### WORK REQUIRED
Set down exactly, from the records below, the line with "pose proof (f_equal fst" through the line with "- destruct (card_le_sig_fun", and nothing else.

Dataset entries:
Lemma uncovered_card_le_cantor : card_le {y | U y} (nat -> bool).
Proof.
  destruct (choice _ uncovered_types_finite) as [L HL].
  assert (Hpos : forall y, exists p : nat * list (nat * bool), U y ->
     nth (fst p) (L (orbit_type X s y)) (fun _ => False) = orb y /\
     y = ga (snd p) (orbit_rep X s y)).
  { intro y. destruct (classic (U y)) as [Uy|nUy]; [|exists (0, []); tauto].
    destruct (In_nth _ _ (fun _ => False) (HL _ y Uy eq_refl)) as [i [_ Hi]].
    destruct (orbit_sym _ _ _ _ _ (orbit_rep_in X s y)) as [g Hg]. exists (i, g). auto. }
  destruct (choice _ Hpos) as [pos Hpos'].
  refine (card_le_trans _ _ _ _ card_le_cantor_prod_nat).
  exists (fun z => let y := proj1_sig z in
    (orbit_type X s y, Cantor.to_nat (fst (pos y), fg_code nat id (snd (pos y))))).
  intros [a Ua] [b Ub] E. apply sig_ext. cbv beta zeta in E. cbn [proj1_sig] in E |- *.
  pose proof (f_equal fst E) as E1. apply (f_equal snd) in E as E2. cbn [fst snd] in E2.
  apply Cantor.to_nat_inj in E2.
  pose proof (f_equal snd E2) as E3. apply (f_equal fst) in E2. cbn [fst snd] in E1, E2, E3.
  apply (fg_code_inj nat id (fun _ _ H => H)) in E3.
  destruct (Hpos' a Ua) as [Na Ya], (Hpos' b Ub) as [Nb Yb].
  rewrite E1, E2, Nb in Na.
  rewrite Ya, Yb, E3, (orbit_rep_eq X s b a Na). reflexivity.
Qed.

Lemma family_not_le_cantor : ~ card_le {S | F S} (nat -> bool).
Proof.
  intro HF. apply HCX.
  apply (card_le_trans _ _ _
    (card_le_countable_family X F F_disj (fun S FS => proj1 (proj2 (F_good S FS))))).
  refine (card_le_trans _ _ _ _ card_le_cantor_sum).
  apply card_le_sum; [|exact uncovered_card_le_cantor].
  refine (card_le_trans _ _ _ _ card_le_cantor_prod_nat).
  apply card_le_prod; [exact HF | apply card_le_refl].
Qed.

(* Since there are more members of F than uncovered orbits, every uncovered
   orbit can be attached to its own member of F. *)
Lemma uncovered_orbits_attach : exists tgt : (X -> Prop) -> (X -> Prop),
  (forall y, U y -> F (tgt (orb y))) /\
  (forall y y', U y -> U y' -> tgt (orb y) = tgt (orb y') -> orb y = orb y').
Proof.
  set (D := fun O : X -> Prop => exists y, U y /\ O = orb y).
  assert (DU : card_le {O | D O} {y | U y}).
  { assert (Hc : forall O : {O | D O}, exists y : {y | U y}, proj1_sig O = orb (proj1_sig y))
      by (intros [O [y [Uy ->]]]; exists (exist _ y Uy); reflexivity).
    destruct (choice _ Hc) as [c Hc']. exists c. intros a b E. apply sig_ext.
    rewrite Hc', (Hc' b), E. reflexivity. }
  destruct (card_le_total {O | D O} {S | F S}) as [DF|FD].
  - destruct (card_le_sig_fun D F (inhabits (fun _ => False)) DF) as [tgt [H1 H2]].
    exists tgt. split; [intros y Uy; apply H1; exists y; auto|].
    intros y y' Uy Uy'. apply H2; [exists y | exists y']; auto.
  - exfalso. apply family_not_le_cantor.
    exact (card_le_trans _ _ _ FD (card_le_trans _ _ _ DU uncovered_card_le_cantor)).
Qed.

Lemma solvable_downward : solvable A w X s.
Proof.
  destruct uncovered_orbits_attach as [tgt [tgt_F tgt_inj]].
  assert (orb_s : forall n y, orb (sfun (s n) y) = orb y).
  { intros n y. apply orbit_eq.
    exact (invariant_sfun (orbit_invariant nat X s y) n y (orbit_refl _ _ _ y)). }
  apply (solvable_of_extensions A w X s F F_inv F_disj (fun y => tgt (orb y)) tgt_F).
  { intros n y. rewrite orb_s. reflexivity. }
  intros S FS HS.
  destruct (F_good S FS) as [_ [S_cnt [x [Sx [x_disj x_type]]]]].
  refine (solvable_absorbing A w Acnt Y (infinite_card_le X Y XY HX) HU _ _ _
           (fun k => exist _ (x k) (or_introl (Sx k))) _ _).
  - apply (card_le_trans _ _ _ (card_le_sig_or _ _ _)).
    refine (card_le_trans _ _ _ _ card_le_nat_sum_nat). apply card_le_sum; [exact S_cnt|].
    (* The uncovered points attached to S form a single orbit. *)
    destruct (classic (exists y0, U y0 /\ tgt (orb y0) = S)) as [[y0 [Uy0 Ty0]]|nE].
    + apply (card_le_trans _ {z | orb y0 z}); [|apply orbit_card_le, card_le_refl].
      apply card_le_sig_incl. intros y [Uy Ty].
      rewrite (tgt_inj y0 y Uy0 Uy); [apply orbit_refl | congruence].
    + exists (fun _ => 0). intros [a Ha]. exfalso. apply nE. exists a. exact Ha.
  - intros k k' H. apply x_disj, (orbit_restrict _ _ _ _ _ _ _ H).
  - intro k. apply same_type_restrict, x_type.
Qed.
End Downward.

Theorem universal_sym_downward (X Y : Type) A (w : nat -> word A) :
  infinite X -> card_lt (nat -> bool) X -> card_le X Y -> countable A ->
  universal_sym Y w -> universal_sym X w.
Proof.
  intros HX [_ HCX] XY Acnt HU. apply universal_symE. intro s.
  destruct (maximal_disjoint_family X (fun S => invariant s S /\ card_le {y | S y} nat /\
    exists x : nat -> X, (forall k, S (x k)) /\
      (forall k k', orbit nat X s (x k) (x k') -> k = k') /\
      (forall k, same_type nat X s (x k) (x 0)))) as [F [F1 [F2 F3]]].
  exact (solvable_downward X Y HX HCX XY A w Acnt HU s F F1 F2 F3).
Qed.

Theorem corollary2p2 :
  (forall (X Y : Type), infinite X -> infinite Y -> card_lt X Y ->
     (forall (A : Type) (w : nat -> word A), countable A ->
        universal_sym X w -> universal_sym Y w) /\
     (card_lt (nat -> bool) X ->
        forall (A : Type) (w : nat -> word A), countable A ->
        universal_sym Y w -> universal_sym X w)) /\
  (forall (X Y : Type), infinite X -> infinite Y ->
     card_lt (nat -> bool) X -> card_le X Y ->
     forall (A : Type) (w : nat -> word A), countable A ->
       (universal_sym X w <-> universal_sym Y w)).
Proof.
  split.
  - intros X Y HX _ [XY _]. split.
    + intros A w _. apply universal_sym_upward; assumption.
    + intros HC A w Acnt. apply universal_sym_downward; assumption.
  - intros X Y HX _ HC XY A w Acnt. split.
    + apply universal_sym_upward; assumption.
    + apply universal_sym_downward; assumption.
Qed.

### FINISHED TASK
  pose proof (f_equal fst E) as E1. apply (f_equal snd) in E as E2. cbn [fst snd] in E2.
  apply Cantor.to_nat_inj in E2.
  pose proof (f_equal snd E2) as E3. apply (f_equal fst) in E2. cbn [fst snd] in E1, E2, E3.
  apply (fg_code_inj nat id (fun _ _ H => H)) in E3.
  destruct (Hpos' a Ua) as [Na Ya], (Hpos' b Ub) as [Nb Yb].
  rewrite E1, E2, Nb in Na.
  rewrite Ya, Yb, E3, (orbit_rep_eq X s b a Na). reflexivity.
Qed.

Lemma family_not_le_cantor : ~ card_le {S | F S} (nat -> bool).
Proof.
  intro HF. apply HCX.
  apply (card_le_trans _ _ _
    (card_le_countable_family X F F_disj (fun S FS => proj1 (proj2 (F_good S FS))))).
  refine (card_le_trans _ _ _ _ card_le_cantor_sum).
  apply card_le_sum; [|exact uncovered_card_le_cantor].
  refine (card_le_trans _ _ _ _ card_le_cantor_prod_nat).
  apply card_le_prod; [exact HF | apply card_le_refl].
Qed.

(* Since there are more members of F than uncovered orbits, every uncovered
   orbit can be attached to its own member of F. *)
Lemma uncovered_orbits_attach : exists tgt : (X -> Prop) -> (X -> Prop),
  (forall y, U y -> F (tgt (orb y))) /\
  (forall y y', U y -> U y' -> tgt (orb y) = tgt (orb y') -> orb y = orb y').
Proof.
  set (D := fun O : X -> Prop => exists y, U y /\ O = orb y).
  assert (DU : card_le {O | D O} {y | U y}).
  { assert (Hc : forall O : {O | D O}, exists y : {y | U y}, proj1_sig O = orb (proj1_sig y))
      by (intros [O [y [Uy ->]]]; exists (exist _ y Uy); reflexivity).
    destruct (choice _ Hc) as [c Hc']. exists c. intros a b E. apply sig_ext.
    rewrite Hc', (Hc' b), E. reflexivity. }
  destruct (card_le_total {O | D O} {S | F S}) as [DF|FD].
  - destruct (card_le_sig_fun D F (inhabits (fun _ => False)) DF) as [tgt [H1 H2]].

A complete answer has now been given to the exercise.